**ASSIGNMENT:** Copy out all the lines of the data that hold the word "Require".

[Stored data entries]
● ● ● ● ● ● ●
(* Let $A$ be a DFA over a finite alphabet $\Sigma$ and let $S=s_1,\ldots,s_l$ be any non-empty sequence of strings $s_i\in\Sigma^*$. Any execution of prefix-free IDS on $S$ (with teacher $A$) terminates, with the program variable $k$ having value $l$.
   Context: Let $A=\langle\Sigma,Q,F,q_0,\delta\rangle$ be a DFA with language $L(A)$; $\lambda$ is the empty string; membership queries to $A$ are answered correctly. Let $d_0$ be a fresh symbol not in $\Sigma^*$; $f(d_0,b)=d_0$, $f(\alpha,b)=\alpha b$ for $\alpha\in\Sigma^*$; $U\oplus V=(U-V)\cup(V-U)$. Refinement procedure (w.r.t. $P'_k$, $T_k$): while there exist $\alpha,\beta\in P'_k$, $b\in\Sigma$ with $E_i(\alpha)=E_i(\beta)$ but $E_i(f(\alpha,b))\neq E_i(f(\beta,b))$: choose (nondeterministically) such $\alpha,\beta,b$ and $\gamma\in E_i(f(\alpha,b))\oplus E_i(f(\beta,b))$, set $v_{i+1}=b\gamma$, increase $i$, and for each $\alpha'\in T_k$ set $E_i(\alpha')=E_{i-1}(\alpha')\cup\{v_i\}$ if $\alpha'v_i\in L(A)$, else $E_i(\alpha')=E_{i-1}(\alpha')$; always $E_i(d_0)=\emptyset$. Construction procedure: states $E_i(\alpha)$, $\alpha\in T_k$; initial state $E_i(\lambda)$; accepting states those containing $\lambda$; for $\alpha\in P'_k$: if $E_i(\alpha)=\emptyset$ add self-loops for all $b$, else $\delta(E_i(\alpha),b)=E_i(f(\alpha,b))$; for $\beta\in T_k-P'_k$ with $E_i(\beta)\neq E_i(\alpha)$ for all $\alpha\in P'_k$ and $E_i(\beta)\ne\emptyset$, $\delta(E_i(\beta),b)=\emptyset$ for all $b$. Prefix-free IDS on $S$: initialize $i=k=t=0$, $v_0=\lambda$, $P_0=\{\lambda\}$, $P'_0=P_0\cup\{d_0\}$, $T_0=\{\lambda\}\cup\Sigma$, $E_0(\alpha)=\{\lambda\}$ if $\alpha\in L(A)$ else $\emptyset$ ($\alpha\in T_0$); refine; construct $M_0$. While $S$ is non-empty: read the next string $\alpha$ (removing it from $S$); increase $k,t$ by one; $P_k=P_{k-1}\cup\{\alpha\}$, $P'_k=P_k\cup\{d_0\}$, $T_k=T_{k-1}\cup\{\alpha\}\cup\{\alpha b:b\in\Sigma\}$; for $\beta\in T_k-T_{k-1}$ set $E_i(\beta)=\{v_j:0\le j\le i,\beta v_j\in L(A)\}$; refine; set $M_t=M_{t-1}$ if $M_{t-1}$ accepts $\alpha$ iff $\alpha\in L(A)$, else construct $M_t$. *)

(* Model of "prefix-free IDS" as a nondeterministic
   small-step transition system. *)
From mathcomp Require Import all_boot.
Set Implicit Arguments. Unset Strict Implicit. Unset Printing Implicit Defensive.

Record dfa (Sigma : finType) := DFA {
  dstate : finType;
  dinit : dstate;
  dtrans : dstate -> Sigma -> dstate;
  dfinal : {set dstate} }.
Arguments dinit {Sigma} d.
Arguments dtrans {Sigma} d _ _.
Arguments dfinal {Sigma} d.

Definition word (Sigma : finType) := seq Sigma.

(* membership in L(A) (membership queries are answered correctly) *)
Definition inL (Sigma : finType) (A : dfa Sigma) (w : word Sigma) : bool :=
  foldl (dtrans A) (dinit A) w \in dfinal A.

(* strings extended by the fresh symbol d_0, encoded as None *)
Definition dword (Sigma : finType) := option (word Sigma).

Definition fext (Sigma : finType) (x : dword Sigma) (b : Sigma) : dword Sigma :=
  match x with None => None | Some a => Some (rcons a b) end.

(* control points of the algorithm: inside the refinement loop, at the head
   of the main "while S is non-empty" loop, or terminated *)
Inductive phase := Refine | Head | Done.

Record config (Sigma : finType) := Config {
  pc : phase;
  ci : nat;
  ck : nat;
  ct : nat;
  cv : seq (word Sigma);
  cP : seq (word Sigma);
  cT : seq (word Sigma);
  cE : dword Sigma -> seq (word Sigma);    (* E_i, sets as lists *)
  crest : seq (word Sigma) }.              (* unread part of S *)

(* membership in P'_k = P_k u {d_0} *)
Definition inP' (Sigma : finType) (c : config Sigma) (x : dword Sigma) : bool :=
  if x is Some a then a \in cP c else true.

(* the refinement loop condition, together with the choice of gamma:
   alpha, beta in P'_k, E(alpha) = E(beta), E(f(alpha,b)) <> E(f(beta,b)),
   gamma in E(f(alpha,b)) (+) E(f(beta,b)) *)
Definition refine_choice (Sigma : finType) (c : config Sigma)
  (al be : dword Sigma) (b : Sigma) (g : word Sigma) : Prop :=
  [/\ inP' c al, inP' c be, cE c al =i cE c be,
      ~ (cE c (fext al b) =i cE c (fext be b)) &
      (g \in cE c (fext al b)) != (g \in cE c (fext be b))].

Definition E_add (Sigma : finType) (A : dfa Sigma) (c : config Sigma)
  (w : word Sigma) (x : dword Sigma) : seq (word Sigma) :=
  match x with
  | None => [::]
  | Some a => if (a \in cT c) && inL A (a ++ w) then w :: cE c x else cE c x
  end.

Definition E_new (Sigma : finType) (A : dfa Sigma) (c : config Sigma)
  (Tnew : seq (word Sigma)) (x : dword Sigma) : seq (word Sigma) :=
  match x with
  | Some be => if (be \in Tnew) && (be \notin cT c)
               then [seq v <- cv c | inL A (be ++ v)] else cE c x
  | None => cE c x
  end.

Definition ids_init (Sigma : finType) (A : dfa Sigma) (S : seq (word Sigma))
  : config Sigma :=
  {| pc := Refine; ci := 0; ck := 0; ct := 0;
     cv := [:: [::]]; cP := [:: [::]];
     cT := [::] :: [seq [:: b] | b <- enum Sigma];
     cE := fun x => match x with
                    | None => [::]
                    | Some a => if inL A a then [:: [::]] else [::] end;
     crest := S |}.

(* The construction of M_t (and the test whether
   M_{t-1} classifies alpha correctly) does not affect control flow or the
   program variables i,k,t,v,P,T,E, so it is not modelled. *)
Inductive ids_step (Sigma : finType) (A : dfa Sigma) :
    config Sigma -> config Sigma -> Prop :=
| StepRefine c al be b g :
    pc c = Refine -> refine_choice c al be b g ->
    ids_step A c
      {| pc := Refine; ci := (ci c).+1; ck := ck c; ct := ct c;
         cv := rcons (cv c) (b :: g); cP := cP c; cT := cT c;
         cE := E_add A c (b :: g); crest := crest c |}
| StepRefineExit c :
    pc c = Refine -> ~ (exists al be b g, refine_choice c al be b g) ->
    ids_step A c
      {| pc := Head; ci := ci c; ck := ck c; ct := ct c;
         cv := cv c; cP := cP c; cT := cT c; cE := cE c; crest := crest c |}
| StepStop c :
    pc c = Head -> crest c = [::] ->
    ids_step A c
      {| pc := Done; ci := ci c; ck := ck c; ct := ct c;
         cv := cv c; cP := cP c; cT := cT c; cE := cE c; crest := crest c |}
| StepRead c a r :
    pc c = Head -> crest c = a :: r ->
    let Tn := cT c ++ a :: [seq rcons a b | b <- enum Sigma] in
    ids_step A c
      {| pc := Refine; ci := ci c; ck := (ck c).+1; ct := (ct c).+1;
         cv := cv c; cP := rcons (cP c) a; cT := Tn;
         cE := E_new A c Tn; crest := r |}.

Inductive reachable (Sigma : finType) (A : dfa Sigma) (c0 : config Sigma)
  : config Sigma -> Prop :=
| reach0 : reachable A c0 c0
| reachS c c' : reachable A c0 c -> ids_step A c c' -> reachable A c0 c'.

From mathcomp Require Import all_boot zify.
From Stdlib Require Import Classical_Prop.
Set Implicit Arguments. Unset Strict Implicit. Unset Printing Implicit Defensive.

(* The table E_i is always determined by the DFA: for every alpha in T_k,
   E_i(alpha) is the set of experiments v_j accepted from the state reached by
   alpha, and d_0 behaves as a state accepting nothing.  Hence a refinement
   step, which adds an experiment b gamma splitting two rows alpha, beta that
   agree on all earlier experiments, strictly enlarges the set of pairs of
   (optional) states separated by some experiment.  That set is bounded by
   the square of |Q| + 1, so every refinement loop ends, and every pass of the
   main loop consumes one string of S. *)

Lemma Acc_measure (T : Type) (R : T -> T -> Prop) (P : T -> Prop) (f : T -> nat) :
  (forall x y, R y x -> P x -> P y /\ f y < f x) ->
  forall x, P x -> Acc R x.
Proof.
move=> Rdec x; move: {2}(f x) (leqnn (f x)) => n; elim: n x => [|n IHn] x fx Px.
- by constructor=> y /Rdec /(_ Px) [_]; rewrite ltnNge (leq_trans fx).
- constructor=> y /Rdec /(_ Px) [Py fyx]; apply: IHn Py.
  by rewrite -ltnS (leq_trans fyx).
Qed.

Section PrefixFreeIDS.
Variables (Sigma : finType) (A : dfa Sigma).
Local Notation Q := (dstate A).

Definition state_of (x : dword Sigma) : option Q :=
  omap (foldl (dtrans A) (dinit A)) x.

Definition accepts_from (o : option Q) (v : word Sigma) : bool :=
  if o is Some q then foldl (dtrans A) q v \in dfinal A else false.

Definition inT' (c : config Sigma) (x : dword Sigma) : bool :=
  if x is Some a then a \in cT c else true.

Definition experiments_of (c : config Sigma) (x : dword Sigma) :=
  [seq v <- cv c | accepts_from (state_of x) v].

Definition E_sound (c : config Sigma) : Prop :=
  forall x, inT' c x -> cE c x =i experiments_of c x.

Definition P_closed (c : config Sigma) : Prop :=
  forall a, a \in cP c -> a \in cT c /\ forall b, rcons a b \in cT c.

Lemma inL_cat a v :
  inL A (a ++ v) = accepts_from (state_of (Some a)) v.
Proof. by rewrite /inL foldl_cat. Qed.

Lemma accepts_from_cons x b g :
  accepts_from (state_of x) (b :: g) = accepts_from (state_of (fext x b)) g.
Proof. by case: x => [a|] //=; rewrite foldl_rcons. Qed.

Lemma experiments_of_None c : experiments_of c None = [::].
Proof. by rewrite /experiments_of; elim: (cv c). Qed.

Lemma P_closed_inT' c x b :
  P_closed c -> inP' c x -> inT' c x /\ inT' c (fext x b).
Proof. by move=> PT; case: x => [a /PT [Ta /(_ b)]|]. Qed.

Definition ids_inv (S : seq (word Sigma)) (c : config Sigma) : Prop :=
  [/\ ck c + size (crest c) = size S, pc c = Done -> crest c = [::],
      P_closed c & E_sound c].

Lemma ids_inv_init S : ids_inv S (ids_init A S).
Proof.
split=> //=.
- move=> a; rewrite inE => /eqP ->; split=> [|b]; first exact: mem_head.
  by rewrite inE map_f ?mem_enum ?orbT.
- by case=> [a|] _ v //=; rewrite /experiments_of /= inL_cat; case: ifP.
Qed.

Lemma E_sound_refine c b g :
  E_sound c -> E_sound
    {| pc := Refine; ci := (ci c).+1; ck := ck c; ct := ct c;
       cv := rcons (cv c) (b :: g); cP := cP c; cT := cT c;
       cE := E_add A c (b :: g); crest := crest c |}.
Proof.
move=> HE [a|] /= Ha v; last by rewrite experiments_of_None.
rewrite Ha andTb inL_cat /experiments_of filter_rcons.
by case: ifP => _; rewrite ?mem_rcons ?inE (HE (Some a) Ha).
Qed.

Lemma E_sound_read c a r :
  E_sound c ->
  let Tn := cT c ++ a :: [seq rcons a b | b <- enum Sigma] in
  E_sound
    {| pc := Refine; ci := ci c; ck := (ck c).+1; ct := (ct c).+1;
       cv := cv c; cP := rcons (cP c) a; cT := Tn;
       cE := E_new A c Tn; crest := r |}.
Proof.
move=> HE Tn [a0|] /= Ha v; last by rewrite HE.
case: (boolP (a0 \in cT c)) => old; first by rewrite andbF (HE (Some a0)).
by rewrite Ha /experiments_of /= (eq_filter (inL_cat a0)).
Qed.

Lemma ids_inv_step S c c' : ids_step A c c' -> ids_inv S c -> ids_inv S c'.
Proof.
case=> {c c'} [c al be b g _ _|c _ _|c _ Hr|c a r _ Hr Tn] [Hk HD PT HE];
  split=> //=.
- exact: E_sound_refine.
- by move: Hk; rewrite Hr /=; lia.
- move=> a0; rewrite mem_rcons inE => /orP[/eqP ->|/PT [Ha0 Hb]].
  + split=> [|b]; rewrite mem_cat inE ?eqxx ?orbT //.
    by rewrite map_f ?mem_enum ?orbT.
  + by split=> [|b]; rewrite mem_cat ?Ha0 ?Hb.
- exact: E_sound_read.
Qed.

Definition separated (vs : seq (word Sigma)) : {set option Q * option Q} :=
  [set p | has (fun v => accepts_from p.1 v != accepts_from p.2 v) vs].

Lemma separated_refine c al be b g :
  P_closed c -> E_sound c -> refine_choice c al be b g ->
  separated (cv c) \proper separated (rcons (cv c) (b :: g)).
Proof.
move=> PT HE [Pal Pbe Eeq _ Hg].
have [Tal Tal'] := P_closed_inT' b PT Pal.
have [Tbe Tbe'] := P_closed_inT' b PT Pbe.
apply/properP; split.
  by apply/subsetP => p; rewrite !inE has_rcons => ->; rewrite orbT.
exists (state_of al, state_of be).
  rewrite inE has_rcons !accepts_from_cons /=; apply/orP; left.
  move: Hg; rewrite (HE _ Tal') (HE _ Tbe') !mem_filter.
  by apply: contra => /eqP ->.
rewrite inE; apply/hasPn => v v_in; rewrite negbK.
by move: (Eeq v); rewrite (HE _ Tal) (HE _ Tbe) !mem_filter v_in !andbT => ->.
Qed.

Definition npairs := #|{: option Q * option Q}|.

(* Refinement steps decrease [npairs - #|separated (cv c)|]; the weight of an
   unread string exceeds what the rest of its pass of the main loop uses. *)
Definition ids_measure (c : config Sigma) : nat :=
  size (crest c) * (2 * npairs + 3) +
  match pc c with
  | Refine => npairs.+2 + (npairs - #|separated (cv c)|)
  | Head => 1
  | Done => 0
  end.

Lemma ids_measure_step S c c' :
  ids_step A c c' -> ids_inv S c -> ids_measure c' < ids_measure c.
Proof.
rewrite /ids_measure.
case=> {c c'} [c al be b g Hp Hch|c Hp _|c Hp Hr|c a r Hp Hr Tn]
  [_ _ PT HE]; rewrite /= Hp ?ltn_add2l //.
- have sep_lt := proper_card (separated_refine PT HE Hch).
  have sep_le : #|separated (rcons (cv c) (b :: g))| <= npairs := max_card _.
  by rewrite ltn_sub2l // (leq_trans sep_lt).
- rewrite Hr /=; move: (leq_subr #|separated (cv c)| npairs).
  by move: (npairs - _) => d; lia.
Qed.

Lemma ids_progress c : pc c <> Done -> exists c', ids_step A c c'.
Proof.
case Hp: (pc c) => // _.
- have [[al [be [b [g Hch]]]]|Hno] :=
    classic (exists al be b g, refine_choice c al be b g).
  + by eexists; apply: StepRefine Hch.
  + by eexists; apply: StepRefineExit Hno.
- case Hr: (crest c) => [|a r].
  + by eexists; apply: StepStop Hr.
  + by eexists; apply: StepRead Hr.
Qed.

Lemma reachable_ids_inv S c :
  reachable A (ids_init A S) c -> ids_inv S c.
Proof.
elim=> [|c0 c1 _ IH Hs]; [exact: ids_inv_init | exact: ids_inv_step Hs IH].
Qed.

End PrefixFreeIDS.

Theorem mainTheorem4 (Sigma : finType) (A : dfa Sigma) (S : seq (word Sigma)) :
  S != [::] ->
  Acc (fun c' c => ids_step A c c') (ids_init A S) /\
  (forall c, reachable A (ids_init A S) c ->
     (exists c', ids_step A c c') \/ (pc c = Done /\ ck c = size S)).
Proof.
move=> _; split.
  have dec c c' : ids_step A c c' -> ids_inv A S c ->
      ids_inv A S c' /\ ids_measure A c' < ids_measure A c.
    move=> step Hc.
    by split; [apply: ids_inv_step step Hc | apply: ids_measure_step step Hc].
  exact: Acc_measure dec _ (ids_inv_init A S).
move=> c /reachable_ids_inv [Hk HD _ _].
case Hp: (pc c); last by right; split=> //; move: Hk; rewrite HD //= addn0.
all: by left; apply: ids_progress; rewrite Hp.
Qed.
● ● ● ● ● ● ●
**ANSWER TO THIS EXERCISE:**
From mathcomp Require Import all_boot.
From mathcomp Require Import all_boot zify.
From Stdlib Require Import Classical_Prop.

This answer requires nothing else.